General design elements identified in the standard for consideration that could apply to the majority of data centers would include:

.                      • Standards based open systems

.                      • High performance and high bandwidth with growth factors incorporated

.                      • Support for 10G or higher speed technologies

.                      • Support for storage devices (i.e. Fibre channel, SCSI or NAS)

.                      • Support for convergence with growth factors incorporated

.                      • High quality, reliability and scalability

.                      • Redundancy

.                      • High capacity and density

.                      • Flexibility and expandability with easy access for moves, adds and changes

The TIA/EIA-942 standard defines new terms, addresses media selection, physical environment, and equipment placement.

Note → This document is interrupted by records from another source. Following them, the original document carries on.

(* Let $\Delta_1$ and $\Delta_2$ be finite simplicial complexes on disjoint vertex sets. Then the join $\Delta_1*\Delta_2=\{F\cup G : F\in\Delta_1,\ G\in\Delta_2\}$ (a simplicial complex on $V(\Delta_1)\cup V(\Delta_2)$) is sortable if and only if both $\Delta_1$ and $\Delta_2$ are sortable.
   Context: For a finite set $F\subset\mathbb{N}$ write $\mathbf{x}^F=\prod_{i\in F}x_i$. For finite sets $F,G\subset \mathbb{N}$ with $|F|=r$, $|G|=s$, write $\mathbf{x}^F\mathbf{x}^G=x_{i_1}x_{i_2}\cdots x_{i_{r+s}}$ with $i_1\le i_2\le\cdots\le i_{r+s}$ and define $\mathrm{sort}(F,G)=(F',G')$ where $F'=\{i_k: k \text{ odd}\}$ and $G'=\{i_k : k\text{ even}\}$. A finite simplicial complex $\Delta$ with $V(\Delta)\subset\mathbb{N}$ is sortable with respect to the given labeling if $\mathrm{sort}(F,G)\in\Delta\times\Delta$ for all $F,G\in\Delta$; a simplicial complex is sortable if it is sortable with respect to some labeling of its vertices by integers (distinct positive integers). *)

From mathcomp Require Import all_boot.
Set Implicit Arguments. Unset Strict Implicit. Unset Printing Implicit Defensive.

Section Complexes.
Variable T : finType.

Definition simplicial_complex (D : {set {set T}}) : bool :=
  (set0 \in D) && [forall F in D, forall G : {set T}, (G \subset F) ==> (G \in D)].

Definition vertices (D : {set {set T}}) : {set T} := \bigcup_(F in D) F.

Definition join (D1 D2 : {set {set T}}) : {set {set T}} :=
  [set F :|: G | F in D1, G in D2].

Definition labels (f : T -> nat) (F : {set T}) : seq nat := [seq f x | x <- enum F].

(* x^F x^G = x_{i_1} ... x_{i_{r+s}} with i_1 <= ... <= i_{r+s} *)
Definition merged (f : T -> nat) (F G : {set T}) : seq nat :=
  sort leq (labels f F ++ labels f G).

(* F' = {i_k : k odd} (1-indexed, i.e. 0-indexed even positions),
   G' = {i_k : k even} *)
Definition sortF (f : T -> nat) (F G : {set T}) : seq nat :=
  let m := merged f F G in [seq nth 0 m k | k <- iota 0 (size m) & ~~ odd k].
Definition sortG (f : T -> nat) (F G : {set T}) : seq nat :=
  let m := merged f F G in [seq nth 0 m k | k <- iota 0 (size m) & odd k].

Definition labeled_face (f : T -> nat) (D : {set {set T}}) (S : seq nat) : Prop :=
  exists2 H, H \in D & labels f H =i S.

Definition sortable_wrt (f : T -> nat) (D : {set {set T}}) : Prop :=
  forall F G, F \in D -> G \in D ->
    labeled_face f D (sortF f F G) /\ labeled_face f D (sortG f F G).

Definition sortable (D : {set {set T}}) : Prop :=
  exists f : T -> nat,
    [/\ {in vertices D &, injective f}, {in vertices D, forall x, 0 < f x}
      & sortable_wrt f D].
End Complexes.

From mathcomp Require Import all_boot.
From mathcomp Require Import zify.
Set Implicit Arguments. Unset Strict Implicit. Unset Printing Implicit Defensive.

(* (=>) Every face F of D1 is the face F u {} of the join, so a labeling
   making the join sortable restricts to D1.  If F, G are faces of D1, the
   faces sort(F, G) of the join only carry labels of vertices of D1; by
   injectivity of the labeling the D2-part of their witnessing join face is
   empty, so they are labeled faces of D1.  D2 is symmetric.

   (<=) Given labelings f1 of D1 and f2 of D2, glue them into f, which is f1
   on V(D1) and N + f2 on V(D2), where N bounds f1 on V(D1).  Then every
   label of V(D1) lies below every label of V(D2), so the merged label list
   of (F1 u F2, G1 u G2) is the merged list of (F1, G1) followed by the
   shifted merged list of (F2, G2).  Selecting the odd (resp. even) positions
   of a concatenation selects the odd positions of the first part and, up to
   the parity of its length, the odd or even positions of the second; hence
   sort(F, G) is a union of a sorted face of D1 and a sorted face of D2. *)

Definition sel (P : pred nat) (m : seq nat) : seq nat :=
  [seq nth 0 m k | k <- iota 0 (size m) & P k].

Lemma selP P m x :
  reflect (exists2 k, (k < size m) && P k & x = nth 0 m k) (x \in sel P m).
Proof.
apply: (iffP mapP) => -[k Hk ->]; exists k => //.
  by move: Hk; rewrite mem_filter mem_iota add0n andbC.
by rewrite mem_filter mem_iota add0n andbC.
Qed.

Lemma sel_sub P m : {subset sel P m <= m}.
Proof. by move=> x /selP[k /andP[Hk _] ->]; apply: mem_nth. Qed.

Lemma sel_map P g m : sel P (map g m) =i map g (sel P m).
Proof.
move=> x; apply/selP/mapP => [[k]|[y /selP[k Hk ->] ->]].
  rewrite size_map => Hk ->; exists (nth 0 m k).
    by apply/selP; exists k.
  by rewrite (nth_map 0) //; case/andP: Hk.
by exists k; rewrite ?size_map // (nth_map 0) //; case/andP: Hk.
Qed.

Lemma sel_parity_cat b a c :
  sel (fun k => odd k == b) (a ++ c) =i
  sel (fun k => odd k == b) a ++ sel (fun k => odd k == b (+) odd (size a)) c.
Proof.
move=> x; rewrite mem_cat; apply/selP/orP.
  move=> [k /andP[Hk Hb] ->]; rewrite nth_cat.
  case: (ltnP k (size a)) => Hka.
    by left; apply/selP; exists k; rewrite ?Hka.
  right; apply/selP; exists (k - size a) => //.
  apply/andP; split; first by move: Hk; rewrite size_cat; lia.
  by move/eqP: Hb => <-; rewrite oddB //; case: (odd k); case: (odd (size a)).
case=> /selP[k /andP[Hk Hb] ->].
  by exists k; rewrite ?nth_cat ?Hk // size_cat Hb andbT ltn_addr.
exists (size a + k); last by rewrite nth_cat ltnNge leq_addr /= addKn.
rewrite size_cat ltn_add2l Hk /= oddD (eqP Hb).
by case: b {Hb}; case: (odd (size a)).
Qed.

Lemma sortF_sel (T : finType) f (F G : {set T}) :
  sortF f F G = sel (fun k => odd k == false) (merged f F G).
Proof. by rewrite /sortF /sel; congr map; apply: eq_filter => k; case: (odd k). Qed.

Lemma sortG_sel (T : finType) f (F G : {set T}) :
  sortG f F G = sel (fun k => odd k == true) (merged f F G).
Proof. by rewrite /sortG /sel; congr map; apply: eq_filter => k; case: (odd k). Qed.

Lemma sort_cat_separated (s1 s2 : seq nat) :
  (forall x y, x \in s1 -> y \in s2 -> x <= y) ->
  sort leq (s1 ++ s2) = sort leq s1 ++ sort leq s2.
Proof.
move=> sep; apply: (sorted_eq leq_trans anti_leq).
- exact: sort_sorted leq_total _.
- rewrite sorted_pairwise; last exact: leq_trans.
  rewrite pairwise_cat -!sorted_pairwise; try exact: leq_trans.
  rewrite !(sort_sorted leq_total) !andbT.
  by apply/allrelP => x y; rewrite !mem_sort; apply: sep.
- by rewrite perm_sort perm_sym; apply: perm_cat; rewrite perm_sort.
Qed.

Lemma sort_shift N (s : seq nat) :
  sort leq (map (addn N) s) = map (addn N) (sort leq s).
Proof.
apply: (sorted_eq leq_trans anti_leq).
- exact: sort_sorted leq_total _.
- apply: (homo_sorted (e := leq)) => [x y|]; first by rewrite leq_add2l.
  exact: sort_sorted leq_total _.
- by rewrite perm_sort perm_map // perm_sym perm_sort.
Qed.

Section Labels.
Variable T : finType.
Implicit Types (f : T -> nat) (H : {set T}) (D : {set {set T}}).

Lemma labelsP f H y : reflect (exists2 x, x \in H & y = f x) (y \in labels f H).
Proof. by apply: (iffP mapP) => -[x Hx ->]; exists x; rewrite ?mem_enum in Hx *. Qed.

Lemma labels_eq_in f g H : {in H, f =1 g} -> labels f H = labels g H.
Proof. by move=> fg; apply/eq_in_map => x; rewrite mem_enum; apply: fg. Qed.

Lemma labels_setU f H1 H2 :
  [disjoint H1 & H2] -> perm_eq (labels f (H1 :|: H2)) (labels f H1 ++ labels f H2).
Proof.
move=> dis; rewrite /labels -map_cat; apply: perm_map; apply: uniq_perm.
- exact: enum_uniq.
- rewrite cat_uniq !enum_uniq /= andbT; apply/hasPn => x; rewrite !mem_enum => x2.
  by apply/negP => x1; move: dis; rewrite disjoint_subset => /subsetP/(_ x x1); rewrite inE x2.
- by move=> x; rewrite mem_cat !mem_enum inE.
Qed.

Lemma face_vert D F : F \in D -> F \subset vertices D.
Proof. by move=> HF; apply: bigcup_sup. Qed.

Lemma joinP D1 D2 H :
  reflect (exists F1 F2, [/\ F1 \in D1, F2 \in D2 & H = F1 :|: F2]) (H \in join D1 D2).
Proof.
apply: (iffP imset2P) => [[F1 F2 h1 h2 ->]|[F1 [F2 [h1 h2 ->]]]]; first by exists F1, F2.
by exists F1 F2.
Qed.

Lemma join_sym D1 D2 : join D1 D2 = join D2 D1.
Proof.
by apply/setP => H; apply/joinP/joinP => -[F1 [F2 [h1 h2 ->]]]; exists F2, F1; rewrite setUC.
Qed.

Lemma vertices_join D1 D2 : vertices (join D1 D2) \subset vertices D1 :|: vertices D2.
Proof.
apply/subsetP => x /bigcupP[H /joinP[F1 [F2 [h1 h2 ->]]]]; rewrite !inE => /orP[] xF.
  by rewrite (subsetP (face_vert h1)).
by rewrite (subsetP (face_vert h2)) ?orbT.
Qed.

Lemma disjoint_faces D1 D2 F1 F2 :
  [disjoint vertices D1 & vertices D2] -> F1 \in D1 -> F2 \in D2 -> [disjoint F1 & F2].
Proof.
move=> dis h1 h2; apply: disjointWl (face_vert h1) _.
by apply: disjointWr (face_vert h2) _.
Qed.
End Labels.

Section Restriction.
Variable T : finType.
Variables D1 D2 : {set {set T}}.
Hypothesis D2_empty_face : set0 \in D2.
Hypothesis dis : [disjoint vertices D1 & vertices D2].

Lemma join_face_left F : F \in D1 -> F \in join D1 D2.
Proof. by move=> HF; apply/joinP; exists F, set0; rewrite setU0. Qed.

Lemma vertices_join_left : vertices D1 \subset vertices (join D1 D2).
Proof.
by apply/subsetP => x /bigcupP[F HF xF]; apply/bigcupP; exists F => //; apply: join_face_left.
Qed.

(* A labeled face of the join all of whose labels are labels of vertices of
   D1 is a labeled face of D1: its D2-part must be empty. *)
Lemma labeled_face_restrict (f : T -> nat) (S : seq nat) :
  {in vertices (join D1 D2) &, injective f} ->
  {subset S <= [seq f x | x in vertices D1]} ->
  labeled_face f (join D1 D2) S -> labeled_face f D1 S.
Proof.
move=> inj subS [H HH eqH]; case/joinP: (HH) => H1 [H2 [H1D H2D EH]].
suff H2_0 : H2 = set0 by exists H1; rewrite // EH H2_0 setU0 in eqH.
apply/setP => x; rewrite in_set0; apply/negbTE/negP => xH2.
have xH : x \in H by rewrite EH inE xH2 orbT.
have /subS/imageP[y yV1 fxy] : f x \in S by rewrite -eqH; apply/labelsP; exists x.
have xJ : x \in vertices (join D1 D2) by apply/bigcupP; exists H.
have exy : x = y by apply: inj; rewrite // (subsetP vertices_join_left).
move: dis; rewrite disjoint_subset => /subsetP/(_ y yV1); rewrite inE -exy.
by rewrite (subsetP (face_vert H2D)).
Qed.

Lemma sortable_join_left : sortable (join D1 D2) -> sortable D1.
Proof.
move=> [f [inj pos srt]]; exists f; split.
- by move=> x y xV yV; apply: inj; apply: (subsetP vertices_join_left).
- by move=> x xV; apply: pos; apply: (subsetP vertices_join_left).
move=> F G HF HG.
have [sF sG] := srt F G (join_face_left HF) (join_face_left HG).
have merged_V1 : {subset merged f F G <= [seq f x | x in vertices D1]}.
  move=> y; rewrite mem_sort mem_cat => /orP[] /labelsP[x xH ->]; apply: image_f.
    exact: (subsetP (face_vert HF)).
  exact: (subsetP (face_vert HG)).
split; apply: labeled_face_restrict => // y Hy; apply: merged_V1.
  by move: Hy; rewrite sortF_sel => /sel_sub.
by move: Hy; rewrite sortG_sel => /sel_sub.
Qed.
End Restriction.

Section Gluing.
Variable T : finType.
Variables D1 D2 : {set {set T}}.
Hypothesis dis : [disjoint vertices D1 & vertices D2].
Variables f1 f2 : T -> nat.

Definition shift : nat := \max_(x in vertices D1) f1 x.

Definition glued (x : T) : nat :=
  if x \in vertices D1 then f1 x else shift + f2 x.

Lemma below_shift x : x \in vertices D1 -> f1 x <= shift.
Proof. by move=> xV; apply: leq_bigmax_cond. Qed.

Lemma notin_vertices_left x : x \in vertices D2 -> x \notin vertices D1.
Proof.
move=> xV2; apply/negP => xV1.
by move: dis; rewrite disjoint_subset => /subsetP/(_ x xV1); rewrite inE xV2.
Qed.

Lemma labels_glued_left H : H \in D1 -> labels glued H = labels f1 H.
Proof. by move=> HD; apply: labels_eq_in => x xH; rewrite /glued (subsetP (face_vert HD)). Qed.

Lemma labels_glued_right H : H \in D2 -> labels glued H = map (addn shift) (labels f2 H).
Proof.
move=> HD; rewrite -map_comp; apply: labels_eq_in => x xH.
by rewrite /glued (negbTE (notin_vertices_left (subsetP (face_vert HD) x xH))).
Qed.

Lemma glued_injective :
  {in vertices D1 &, injective f1} -> {in vertices D2 &, injective f2} ->
  (forall x, x \in vertices D2 -> 0 < f2 x) ->
  {in vertices (join D1 D2) &, injective glued}.
Proof.
move=> inj1 inj2 pos2 x y /(subsetP (vertices_join _ _)) xV /(subsetP (vertices_join _ _)) yV.
rewrite /glued; move: xV yV; rewrite !inE.
case xV1: (x \in vertices D1); case yV1: (y \in vertices D1) => /= xV yV.
- exact: inj1.
- by have := below_shift xV1; have := pos2 y yV; lia.
- by have := below_shift yV1; have := pos2 x xV; lia.
- by move/addnI; apply: inj2.
Qed.

Lemma glued_pos :
  (forall x, x \in vertices D1 -> 0 < f1 x) -> (forall x, x \in vertices D2 -> 0 < f2 x) ->
  {in vertices (join D1 D2), forall x, 0 < glued x}.
Proof.
move=> pos1 pos2 x /(subsetP (vertices_join _ _)); rewrite /glued !inE.
by case xV1: (x \in vertices D1) => /= xV; [apply: pos1 | rewrite addn_gt0 pos2 ?orbT].
Qed.

Lemma merged_glued F1 F2 G1 G2 :
  F1 \in D1 -> F2 \in D2 -> G1 \in D1 -> G2 \in D2 ->
  merged glued (F1 :|: F2) (G1 :|: G2) =
  merged f1 F1 G1 ++ map (addn shift) (merged f2 F2 G2).
Proof.
move=> hF1 hF2 hG1 hG2.
have perm_blocks : perm_eq (labels glued (F1 :|: F2) ++ labels glued (G1 :|: G2))
    ((labels f1 F1 ++ labels f1 G1) ++ map (addn shift) (labels f2 F2 ++ labels f2 G2)).
  apply: perm_trans (perm_cat (labels_setU _ (disjoint_faces dis hF1 hF2))
                               (labels_setU _ (disjoint_faces dis hG1 hG2))) _.
  rewrite perm_catACA map_cat (labels_glued_left hF1) (labels_glued_left hG1).
  by rewrite (labels_glued_right hF2) (labels_glued_right hG2).
rewrite /merged (perm_sortP leq_total leq_trans anti_leq _ _ perm_blocks).
rewrite [LHS]sort_cat_separated ?sort_shift // => x _ + /mapP[y _ ->].
rewrite mem_cat => /orP[] /labelsP[z zH ->]; apply: leq_trans (leq_addr _ _).
  by apply/below_shift/(subsetP (face_vert hF1)).
by apply/below_shift/(subsetP (face_vert hG1)).
Qed.

Lemma labeled_face_glued S S1 S2 :
  labeled_face f1 D1 S1 -> labeled_face f2 D2 S2 ->
  S =i S1 ++ map (addn shift) S2 -> labeled_face glued (join D1 D2) S.
Proof.
move=> [H1 h1 e1] [H2 h2 e2] eS; exists (H1 :|: H2); first by apply/joinP; exists H1, H2.
move=> x; rewrite eS (perm_mem (labels_setU _ (disjoint_faces dis h1 h2))) !mem_cat.
by rewrite labels_glued_left // labels_glued_right // e1 (eq_mem_map _ e2).
Qed.

Lemma sortable_glued :
  sortable_wrt f1 D1 -> sortable_wrt f2 D2 -> sortable_wrt glued (join D1 D2).
Proof.
move=> s1 s2 F G /joinP[F1 [F2 [hF1 hF2 ->]]] /joinP[G1 [G2 [hG1 hG2 ->]]].
have [sF1 sG1] := s1 F1 G1 hF1 hG1; have [sF2 sG2] := s2 F2 G2 hF2 hG2.
have sel_split b : sel (fun k => odd k == b) (merged glued (F1 :|: F2) (G1 :|: G2)) =i
    sel (fun k => odd k == b) (merged f1 F1 G1) ++ map (addn shift)
      (sel (fun k => odd k == b (+) odd (size (merged f1 F1 G1))) (merged f2 F2 G2)).
  by move=> x; rewrite merged_glued // sel_parity_cat !mem_cat sel_map.
rewrite sortF_sel sortG_sel; split.
  apply: labeled_face_glued (sel_split false); first by rewrite -sortF_sel.
  by case: (odd _) => /=; [rewrite -sortG_sel | rewrite -sortF_sel].
apply: labeled_face_glued (sel_split true); first by rewrite -sortG_sel.
by case: (odd _) => /=; [rewrite -sortF_sel | rewrite -sortG_sel].
Qed.
End Gluing.

Theorem proposition1p4 (T : finType) (D1 D2 : {set {set T}}) :
  simplicial_complex D1 -> simplicial_complex D2 ->
  [disjoint vertices D1 & vertices D2] ->
  (sortable (join D1 D2) <-> sortable D1 /\ sortable D2).
Proof.
move=> /andP[e1 _] /andP[e2 _] dis; split.
  move=> sJ; split; first exact: sortable_join_left e2 dis sJ.
  by apply: (sortable_join_left e1); [rewrite disjoint_sym | rewrite join_sym].
move=> [[f1 [inj1 pos1 s1]] [f2 [inj2 pos2 s2]]].
exists (glued D1 f1 f2); split.
- exact: glued_injective.
- exact: glued_pos.
- exact: sortable_glued.
Qed.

These new terms are a major component of the TIA/EIA-942. This diagram shows the relationship between the various defined elements and how they are configured to create the total system.

1 TIA - 942 A star cabling topology is recommended. The standard recognizes multiple media but recommends the highest capacity cabling media be used for new installations.

Horizontal Cabling Recognized Media

-100-ohm twisted-pair cable (ANSI/TIA/EIA-568-B.2), Category 6 recommended (ANSI/TIA/EIA-568-B.2-1)

-Multimode optical fiber 62.5/125 or 50/125 micron (ANSI/TIA/EIA-568-B.3) 50/125 micron 850 nm laser optimized multimode fiber is recommended (ANSI/TIA/EIA-568-B.3-1)

-Singlemode optical fiber (ANSI/TIA/EIA-568-B.3)

-Recognized coaxial media are 75-ohm (734 and 735 type), coaxial cable (Telcordia GR-139-CORE), and coaxial connector (ANSI T1.404)

In summary, the TIA/EIA-942 Standard specifies data center planning and design procedures. Establishes and provides guidelines and recommendations for data centers implementation and embraces much more than telecommunications infrastructure.  Over 50% of the TIA/EIA-942 Standard handles building construction specifications (power, pathways, fire protection, doors, walls treatment, among others).

Equally important the standard also considers and draws on other TIA/EIA standards - ‘568-B, ‘569-B, ‘606-A and ‘607 for the cabling, pathways and spaces, administration and earthing design, installations and other procedures.

One important Annex to note is the reference to the four tiers for data center redundancy. This Tier system developed by the Uptime Institute is quickly becoming and important benchmarking tool for designers and end users.